[[ Information shown, beginning ]]

(* Let $(X,d)$ be any metric space, $x_0\in X$, $n\geq 1$. Equipped with the topology induced by the pseudometric $\rho$, $\pi_n(X,x_0)$ is a topological group, and for every $r>0$ the open ball $B_\rho(e,r)=\{a\in\pi_n(X,x_0)\mid\rho(e,a)<r\}$ is an open normal subgroup.
   Context: $\Omega^n(X,x_0)$ is the set of continuous maps $\alpha:[0,1]^n\to X$ with $\alpha(\partial[0,1]^n)=\{x_0\}$, with uniform metric $\mu(\alpha,\beta)=\sup_{t\in[0,1]^n}d(\alpha(t),\beta(t))$. For $a,b\in\pi_n(X,x_0)$, $\rho(a,b)=\inf\{\mu(\alpha,\beta)\mid\alpha\in a,\beta\in b\}$, which is a pseudometric; $e$ denotes the identity element. *)

From Stdlib Require Import Reals Lra Lia Arith ClassicalDescription.
From Coquelicot Require Import Rbar Lub.
Open Scope R_scope.

(* points of [0,1]^n are sequences t with t i in [0,1] for i < n and t i = 0 for i >= n *)
Definition in_cube (n : nat) (t : nat -> R) : Prop :=
  forall i, ((i < n)%nat -> 0 <= t i <= 1) /\ ((n <= i)%nat -> t i = 0).

Definition cube (n : nat) : Type := {t : nat -> R | in_cube n t}.

Definition cpt {n} (t : cube n) : nat -> R := proj1_sig t.

Definition on_boundary {n} (t : cube n) : Prop :=
  exists i, (i < n)%nat /\ (cpt t i = 0 \/ cpt t i = 1).

Definition clamp_fun (n : nat) (t : nat -> R) : nat -> R :=
  fun i => if Nat.ltb i n then Rmin 1 (Rmax 0 (t i)) else 0.

Lemma clamp_in_cube n t : in_cube n (clamp_fun n t).
Proof.
  intro i; unfold clamp_fun; split; intro H.
  - apply Nat.ltb_lt in H; rewrite H; split.
    + apply Rmin_glb; [lra | apply Rmax_l].
    + apply Rmin_l.
  - destruct (Nat.ltb_spec i n); [lia | reflexivity].
Qed.

Definition clamp (n : nat) (t : nat -> R) : cube n := exist _ (clamp_fun n t) (clamp_in_cube n t).

Definition cube_close {n} (t t' : cube n) (d : R) : Prop :=
  forall i, (i < n)%nat -> Rabs (cpt t i - cpt t' i) < d.

Definition cont_on_cube (X : Metric_Space) (n : nat) (f : cube n -> Base X) : Prop :=
  forall t eps, 0 < eps -> exists delta, 0 < delta /\
    forall t', cube_close t t' delta -> dist X (f t) (f t') < eps.

Definition cont_on_cube_I (X : Metric_Space) (n : nat) (H : cube n -> R -> Base X) : Prop :=
  forall t s, 0 <= s <= 1 -> forall eps, 0 < eps -> exists delta, 0 < delta /\
    forall t' s', 0 <= s' <= 1 -> cube_close t t' delta -> Rabs (s - s') < delta ->
      dist X (H t s) (H t' s') < eps.

Definition is_Omega (X : Metric_Space) (x0 : Base X) (n : nat) (f : cube n -> Base X) : Prop :=
  cont_on_cube X n f /\ forall t, on_boundary t -> f t = x0.

Definition Omega (X : Metric_Space) (x0 : Base X) (n : nat) : Type :=
  {f : cube n -> Base X | is_Omega X x0 n f}.

Definition homotopic (X : Metric_Space) (x0 : Base X) (n : nat) (f g : cube n -> Base X) : Prop :=
  exists H : cube n -> R -> Base X,
    cont_on_cube_I X n H /\ (forall t, H t 0 = f t) /\ (forall t, H t 1 = g t) /\
    (forall t s, 0 <= s <= 1 -> on_boundary t -> H t s = x0).

Definition cls (X : Metric_Space) (x0 : Base X) (n : nat) (a : Omega X x0 n) : Omega X x0 n -> Prop :=
  fun b => homotopic X x0 n (proj1_sig a) (proj1_sig b).

Definition is_class (X : Metric_Space) (x0 : Base X) (n : nat) (A : Omega X x0 n -> Prop) : Prop :=
  exists a, forall b, A b <-> cls X x0 n a b.

Definition pi_n (X : Metric_Space) (x0 : Base X) (n : nat) : Type :=
  {A : Omega X x0 n -> Prop | is_class X x0 n A}.

Definition concat (X : Metric_Space) (n : nat) (f g : cube n -> Base X) : cube n -> Base X :=
  fun t => if Rle_dec (cpt t 0) (1/2)
           then f (clamp n (fun i => if Nat.eqb i 0 then 2 * cpt t 0 else cpt t i))
           else g (clamp n (fun i => if Nat.eqb i 0 then 2 * cpt t 0 - 1 else cpt t i)).

Definition reverse (X : Metric_Space) (n : nat) (f : cube n -> Base X) : cube n -> Base X :=
  fun t => f (clamp n (fun i => if Nat.eqb i 0 then 1 - cpt t 0 else cpt t i)).

Definition mulc (X : Metric_Space) (x0 : Base X) (n : nat) (A B : Omega X x0 n -> Prop) :
  Omega X x0 n -> Prop :=
  fun c => exists a b, A a /\ B b /\
    homotopic X x0 n (concat X n (proj1_sig a) (proj1_sig b)) (proj1_sig c).

Definition invc (X : Metric_Space) (x0 : Base X) (n : nat) (A : Omega X x0 n -> Prop) :
  Omega X x0 n -> Prop :=
  fun c => exists a, A a /\ homotopic X x0 n (reverse X n (proj1_sig a)) (proj1_sig c).

Lemma const_is_Omega X x0 n : is_Omega X x0 n (fun _ => x0).
Proof.
  split; [|reflexivity].
  intros t eps Heps; exists 1; split; [lra|]; intros t' _.
  replace (dist X x0 x0) with 0; [exact Heps|].
  symmetry; apply (proj2 (dist_refl X x0 x0)); reflexivity.
Qed.

Definition const_loop X x0 n : Omega X x0 n := exist _ (fun _ => x0) (const_is_Omega X x0 n).

Lemma cls_is_class X x0 n a : is_class X x0 n (cls X x0 n a).
Proof. exists a; intro b; tauto. Qed.

(* group operations on pi_n (well-definedness is part of the main theorem; the
   fallback branches are never used when the product/inverse is a class) *)
Definition pe X x0 n : pi_n X x0 n := exist _ _ (cls_is_class X x0 n (const_loop X x0 n)).

Definition pmul X x0 n (a b : pi_n X x0 n) : pi_n X x0 n :=
  match excluded_middle_informative (is_class X x0 n (mulc X x0 n (proj1_sig a) (proj1_sig b))) with
  | left p => exist _ _ p
  | right _ => a
  end.

Definition pinv X x0 n (a : pi_n X x0 n) : pi_n X x0 n :=
  match excluded_middle_informative (is_class X x0 n (invc X x0 n (proj1_sig a))) with
  | left p => exist _ _ p
  | right _ => a
  end.

Definition mu X x0 n (f g : Omega X x0 n) : Rbar :=
  Rbar_lub (fun r => exists t, r = Finite (dist X (proj1_sig f t) (proj1_sig g t))).

Definition rho X x0 n (a b : pi_n X x0 n) : Rbar :=
  Rbar_glb (fun m => exists f g, proj1_sig a f /\ proj1_sig b g /\ m = mu X x0 n f g).

Definition rho_ball X x0 n (a : pi_n X x0 n) (r : R) : pi_n X x0 n -> Prop :=
  fun b => Rbar_lt (rho X x0 n a b) (Finite r).

Definition rho_open X x0 n (U : pi_n X x0 n -> Prop) : Prop :=
  forall a, U a -> exists r, 0 < r /\ forall b, rho_ball X x0 n a r b -> U b.

Definition prod_open {G : Type} (opn : (G -> Prop) -> Prop) (U : G * G -> Prop) : Prop :=
  forall p, U p -> exists V W, opn V /\ opn W /\ V (fst p) /\ W (snd p) /\
    forall a b, V a -> W b -> U (a, b).

Record is_topological_group {G : Type} (mul : G -> G -> G) (inv : G -> G) (e : G)
    (opn : (G -> Prop) -> Prop) : Prop := {
  tg_assoc : forall a b c, mul a (mul b c) = mul (mul a b) c;
  tg_mul1g : forall a, mul e a = a;
  tg_mulg1 : forall a, mul a e = a;
  tg_mulVg : forall a, mul (inv a) a = e;
  tg_mulgV : forall a, mul a (inv a) = e;
  tg_mul_cont : forall W, opn W -> prod_open opn (fun p => W (mul (fst p) (snd p)));
  tg_inv_cont : forall W, opn W -> opn (fun a => W (inv a))
}.

Definition is_open_normal_subgroup {G : Type} (mul : G -> G -> G) (inv : G -> G) (e : G)
    (opn : (G -> Prop) -> Prop) (H : G -> Prop) : Prop :=
  opn H /\ H e /\ (forall a b, H a -> H b -> H (mul a b)) /\ (forall a, H a -> H (inv a)) /\
  (forall g h, H h -> H (mul (mul g h) (inv g))).

From Stdlib Require Import Reals Lra Classical ClassicalDescription.
From Stdlib Require Import FunctionalExtensionality PropExtensionality ProofIrrelevance.
From Coquelicot Require Import Rbar Lub.
Open Scope R_scope.

(* Each group law of pi_n holds because its two sides differ by a piecewise-linear
   reparametrisation of the first coordinate, and two reparametrisations with the same
   values at 0 and 1 are joined by a straight-line homotopy.  Concatenation and reversal
   act pointwise on loops, so they do not increase the uniform distance:
   rho(ab, a'b') <= max(rho(a,a'), rho(b,b')) and rho(a^-1, b^-1) <= rho(a,b).
   In any group, reflexive relations "rho(a,b) < r" with these two properties make
   multiplication and inversion map r-balls into r-balls and make the r-balls transitive,
   hence open; the ball around e is then a subgroup, normal because
   rho(g h g^-1, g e g^-1) <= rho(h, e). *)

Section BallTopology.

Variables (G : Type) (mul : G -> G -> G) (inv : G -> G) (e : G) (ball : G -> R -> G -> Prop).
Hypotheses (mulA : forall a b c, mul a (mul b c) = mul (mul a b) c)
  (mul1g : forall a, mul e a = a) (mulg1 : forall a, mul a e = a)
  (mulVg : forall a, mul (inv a) a = e) (mulgV : forall a, mul a (inv a) = e).
Hypotheses (ball_refl : forall a r, 0 < r -> ball a r a)
  (ball_mul : forall a a' b b' r, ball a r a' -> ball b r b' -> ball (mul a b) r (mul a' b'))
  (ball_inv : forall a a' r, ball a r a' -> ball (inv a) r (inv a')).

Definition ball_open (U : G -> Prop) : Prop :=
  forall a, U a -> exists r, 0 < r /\ forall b, ball a r b -> U b.

Lemma inv1 : inv e = e.
Proof. rewrite <- (mulg1 (inv e)); apply mulVg. Qed.

Lemma ball_trans a b c r : 0 < r -> ball a r b -> ball b r c -> ball a r c.
Proof.
  intros Hr Hab Hbc.
  assert (Hbb : ball (mul a (inv b)) r e).
  { rewrite <- (mulgV b); apply ball_mul; [exact Hab | apply ball_refl; exact Hr]. }
  replace a with (mul (mul a (inv b)) b) by (rewrite <- mulA, mulVg; apply mulg1).
  rewrite <- (mul1g c); apply ball_mul; [exact Hbb | exact Hbc].
Qed.

Lemma ball_is_open a r : 0 < r -> ball_open (ball a r).
Proof.
  intros Hr b Hb; exists r; split; [exact Hr |].
  intros c; apply (ball_trans a b c r); auto.
Qed.

Lemma ball_topological_group : is_topological_group mul inv e ball_open.
Proof.
  constructor; auto.
  - intros W HW [a b] Hab; simpl in Hab.
    destruct (HW _ Hab) as [r [Hr HrW]].
    exists (ball a r), (ball b r).
    repeat split; try apply ball_is_open; try apply ball_refl; auto.
  - intros W HW a Ha.
    destruct (HW _ Ha) as [r [Hr HrW]].
    exists r; split; auto.
Qed.

Lemma ball_open_normal_subgroup r :
  0 < r -> is_open_normal_subgroup mul inv e ball_open (ball e r).
Proof.
  intros Hr; repeat split.
  - apply ball_is_open; exact Hr.
  - apply ball_refl; exact Hr.
  - intros a b Ha Hb; rewrite <- (mul1g e); apply ball_mul; auto.
  - intros a Ha; rewrite <- inv1; apply ball_inv; exact Ha.
  - intros g h Hh; rewrite <- (mulgV g), <- (mulg1 g) at 1.
    apply ball_mul; [apply ball_mul |]; auto.
Qed.

End BallTopology.

Definition clip01 (x : R) : R := Rmin 1 (Rmax 0 x).

Lemma clip01_lip x y : Rabs (clip01 x - clip01 y) <= Rabs (x - y).
Proof.
  unfold clip01, Rmin, Rmax; repeat destruct Rle_dec; unfold Rabs; repeat destruct Rcase_abs; lra.
Qed.

Lemma clip01_id x : 0 <= x <= 1 -> clip01 x = x.
Proof. unfold clip01, Rmin, Rmax; intros; repeat destruct Rle_dec; lra. Qed.

Lemma clip01_range x : 0 <= clip01 x <= 1.
Proof. unfold clip01, Rmin, Rmax; repeat destruct Rle_dec; lra. Qed.

Definition lerp (p q a : R) : R := p + a * (q - p).

Lemma lerp_dist p p' q q' a a' : 0 <= a <= 1 -> 0 <= p' <= 1 -> 0 <= q' <= 1 ->
  Rabs (lerp p q a - lerp p' q' a') <= Rmax (Rabs (p - p')) (Rabs (q - q')) + Rabs (a - a').
Proof.
  intros Ha Hp Hq; unfold lerp.
  replace (p + a * (q - p) - (p' + a' * (q' - p')))
    with ((1 - a) * (p - p') + a * (q - q') + (a - a') * (q' - p')) by ring.
  set (M := Rmax (Rabs (p - p')) (Rabs (q - q'))).
  assert (Hpm : Rabs (p - p') <= M) by apply Rmax_l.
  assert (Hqm : Rabs (q - q') <= M) by apply Rmax_r.
  assert (Hd : Rabs (q' - p') <= 1) by (unfold Rabs; destruct Rcase_abs; lra).
  eapply Rle_trans; [apply Rabs_triang |]; apply Rplus_le_compat.
  - eapply Rle_trans; [apply Rabs_triang |].
    rewrite !Rabs_mult, (Rabs_pos_eq (1 - a)), (Rabs_pos_eq a) by lra; nra.
  - rewrite Rabs_mult; pose proof (Rabs_pos (a - a')); nra.
Qed.

Lemma Rbar_glb_lt (E : Rbar -> Prop) (r : R) :
  Rbar_lt (Rbar_glb E) r <-> exists x, E x /\ Rbar_lt x r.
Proof.
  destruct (Rbar_ex_glb E) as [l [Hlb Hgreatest]] eqn:Hl.
  unfold Rbar_glb; rewrite Hl; simpl; split.
  - intros Hlt; apply NNPP; intros Hno.
    apply (Rbar_lt_not_le _ _ Hlt), Hgreatest.
    intros x Hx; apply Rbar_not_lt_le; intros Hxr; apply Hno; exists x; auto.
  - intros [x [Hx Hxr]]; exact (Rbar_le_lt_trans _ _ _ (Hlb x Hx) Hxr).
Qed.

Lemma Rbar_lub_lt (E : Rbar -> Prop) (r : R) :
  Rbar_lt (Rbar_lub E) r <-> exists m, m < r /\ forall x, E x -> Rbar_le x m.
Proof.
  destruct (Rbar_ex_lub E) as [l [Hub Hleast]] eqn:Hl.
  unfold Rbar_lub; rewrite Hl; simpl; split.
  - destruct l as [l | |]; simpl; intros Hlt; try contradiction.
    + exists l; split; [exact Hlt | exact Hub].
    + exists (r - 1); split; [lra |]; intros x Hx.
      eapply Rbar_le_trans; [apply Hub, Hx | exact I].
  - intros [m [Hm Hbound]]; exact (Rbar_le_lt_trans _ _ (Finite r) (Hleast m Hbound) Hm).
Qed.

Section Loops.

Variable n : nat.
Hypothesis n_pos : (0 < n)%nat.

Lemma cpt_range (t : cube n) i : (i < n)%nat -> 0 <= cpt t i <= 1.
Proof. destruct t as [t Ht]; intros Hi; exact (proj1 (Ht i) Hi). Qed.

Lemma cpt_clamp u i : (i < n)%nat -> cpt (clamp n u) i = clip01 (u i).
Proof.
  intros Hi; unfold cpt, clamp, clamp_fun; simpl; apply Nat.ltb_lt in Hi; rewrite Hi; reflexivity.
Qed.

Lemma cube_eq (t t' : cube n) : (forall i, (i < n)%nat -> cpt t i = cpt t' i) -> t = t'.
Proof.
  destruct t as [t Ht], t' as [t' Ht']; simpl; intros H.
  assert (E : t = t').
  { apply functional_extensionality; intros i.
    destruct (Nat.lt_ge_cases i n) as [Hi | Hi]; auto.
    rewrite (proj2 (Ht i) Hi), (proj2 (Ht' i) Hi); reflexivity. }
  subst; f_equal; apply proof_irrelevance.
Qed.

Lemma clamp_cpt (t : cube n) : clamp n (cpt t) = t.
Proof. apply cube_eq; intros i Hi; rewrite cpt_clamp by exact Hi; apply clip01_id, cpt_range, Hi. Qed.

Lemma clamp_ext u v : (forall i, (i < n)%nat -> clip01 (u i) = clip01 (v i)) -> clamp n u = clamp n v.
Proof. intros H; apply cube_eq; intros i Hi; rewrite !cpt_clamp; auto. Qed.

Definition set_first (u : nat -> R) (x : R) : nat -> R := fun i => if Nat.eqb i 0 then x else u i.

Definition with_first (t : cube n) (x : R) : cube n := clamp n (set_first (cpt t) x).

Lemma cpt_with_first t x : 0 <= x <= 1 -> cpt (with_first t x) 0 = x.
Proof. intros Hx; unfold with_first; rewrite cpt_clamp by exact n_pos; apply clip01_id, Hx. Qed.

[[ Information shown, end ]]

_Work to be completed_.
Look over the records above and say, with no extra words, how many lines include "Stdlib".

_Task solution_.
3